I want to resume a stopped training.
Relaunch python go.py with the same model name. The checkpoint is detected automatically.
The generated text is gibberish. That's normal at first. With val_loss > 4, the AI is still learning basic structures. Let it run.
Can I add my own data?
Yes. Any UTF-8 .txt file in data/en/ or data/fr/. One sentence per line is fine, not required.

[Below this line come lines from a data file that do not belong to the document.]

(* Let $\mathcal{P}$ be a hereditary property of ordered graphs, and let $k,M \geqslant 0$ be integers. Suppose that for every $G \in \mathcal{P}$, the homogeneous block sequence $t_1\geqslant t_2\geqslant\dots$ of $G$ satisfies $\sum_{i = k+2}^\infty t_i \leqslant M$. Then $|\mathcal{P}_n| = O(n^k)$ as $n\to\infty$.
   Context: Ordered graphs of order $n$ have vertex set $[n]$ with the natural order; a hereditary property is a collection of ordered graphs closed under order-preserving isomorphism and induced ordered subgraphs; $\mathcal{P}_n$ is the set of members with vertex set $[n]$. A homogeneous block of $G$ is a maximal set $B$ of consecutive vertices such that $\Gamma(x)\setminus\{y\}=\Gamma(y)\setminus\{x\}$ for all $x,y\in B$ ($\Gamma$ denoting neighbourhood); these partition $V(G)$ uniquely. The homogeneous block sequence of $G$ is $t_1\geqslant t_2\geqslant\dots$, the orders of the homogeneous blocks of $G$ in non-increasing order, with $t_i=0$ for $i$ larger than the number of blocks. *)

From mathcomp Require Import all_boot.
Set Implicit Arguments. Unset Strict Implicit. Unset Printing Implicit Defensive.

(* An ordered graph of order n: vertex set 'I_n = {0,...,n-1} (the natural order),
   edges are 2-element subsets of 'I_n. *)
Definition ograph (n : nat) := {set {set 'I_n}}.

Definition is_ograph n (E : ograph n) : bool := [forall e in E, #|e| == 2].

Definition adj n (E : ograph n) (x y : 'I_n) : bool := [set x; y] \in E.

Definition nbhd n (E : ograph n) (x : 'I_n) : {set 'I_n} := [set y | adj E x y].

Definition twins n (E : ograph n) (x y : 'I_n) : bool :=
  nbhd E x :\ y == nbhd E y :\ x.

Definition consecutive n (B : {set 'I_n}) : bool :=
  [forall x in B, forall z in B, forall y : 'I_n,
     ((x <= y)%N && (y <= z)%N) ==> (y \in B)].

Definition twin_set n (E : ograph n) (B : {set 'I_n}) : bool :=
  consecutive B && [forall x in B, forall y in B, twins E x y].

Definition homogeneous_block n (E : ograph n) (B : {set 'I_n}) : bool :=
  twin_set E B && [forall B' : {set 'I_n}, (twin_set E B' && (B \subset B')) ==> (B' == B)].
(* Let $C=\sup_{\xi>0}|1-e^{-\xi}|\,|\xi|^{-1}$ and $B=\sup_{0<\xi\le\log 2}|\xi|\,|1-e^{-\xi}|^{-1}$. For probability densities $f,g$ on $\mathbb{N}$ and every $r\ge1$, $$d_r^*(f,g)\le C^r d_r(f,g)\qquad\text{and}\qquad d_r(f,g)\le\max\{2^{r+1},B^rd_r^*(f,g)\}.$$ Moreover, if $M_1(f)=M_1(g)$ and $M_r(f),M_r(g)$ are finite for some $r\in(1,2]$, then $d_r^*(f,g)\le c_r[M_r(f)+M_r(g)]$ for a suitable constant $c_r$ depending only on $r$.
   Context: For a probability density $f$ on $\mathbb{N}$: $\hat f(z)=\sum_vz^vf(v)$, $z\in[0,1]$; $\tilde f(\xi)=\sum_ve^{-\xi v}f(v)$, $\xi>0$; $M_r(f)=\sum_vv^rf(v)$. The metrics are $d_r(f,g)=\sup_{z\in(0,1)}|\hat f(z)-\hat g(z)|/|1-z|^r$ and $d_r^*(f,g)=\sup_{\xi>0}|\tilde f(\xi)-\tilde g(\xi)|/\xi^r$. *)

From Stdlib Require Import Reals.
From Coquelicot Require Import Coquelicot.
Open Scope R_scope.

(* real power x^r for x >= 0, with the convention 0^r = 0 (r > 0);
   Stdlib's Rpower 0 r would give 1, so we special-case 0. *)
Definition rpow (x r : R) : R :=
  if Req_EM_T x 0 then 0 else Rpower x r.

Definition prob_density (f : nat -> R) : Prop :=
  (forall v, 0 <= f v) /\ is_series f 1.

Definition gen_fun (f : nat -> R) (z : R) : R := Series (fun v => z ^ v * f v).

Definition lap_fun (f : nat -> R) (xi : R) : R :=
  Series (fun v => exp (- xi * INR v) * f v).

I want to change the protection level.
Delete system/config.json and relaunch go.py. The menu appears again.
Do I need to retrain the tokenizer when I change my data?
No. WishAI detects the change automatically (via a signature stored in tokenizer.json) and retrains it on the next go.py run.
I want to download a HuggingFace dataset not in the list.
Open the library (button in the dashboard or python src/telecharger.py), HuggingFace Search tab, type a keyword. You have access to all 150,000+ Hub datasets live.
Can I sell the model I trained? Yes. The model is entirely yours. The license only applies to the code.
WishAI Personal Use License v1.0
✅ Free to use — personal, educational, research ✅ Modification and sharing allowed (with attribution) ✅ Models you train are yours — do whatever you want with them ❌ Cannot sell this software without written permission ❌ Cannot claim authorship of this project
See LICENSE for the full terms.
Built by Liam — learned from scratch.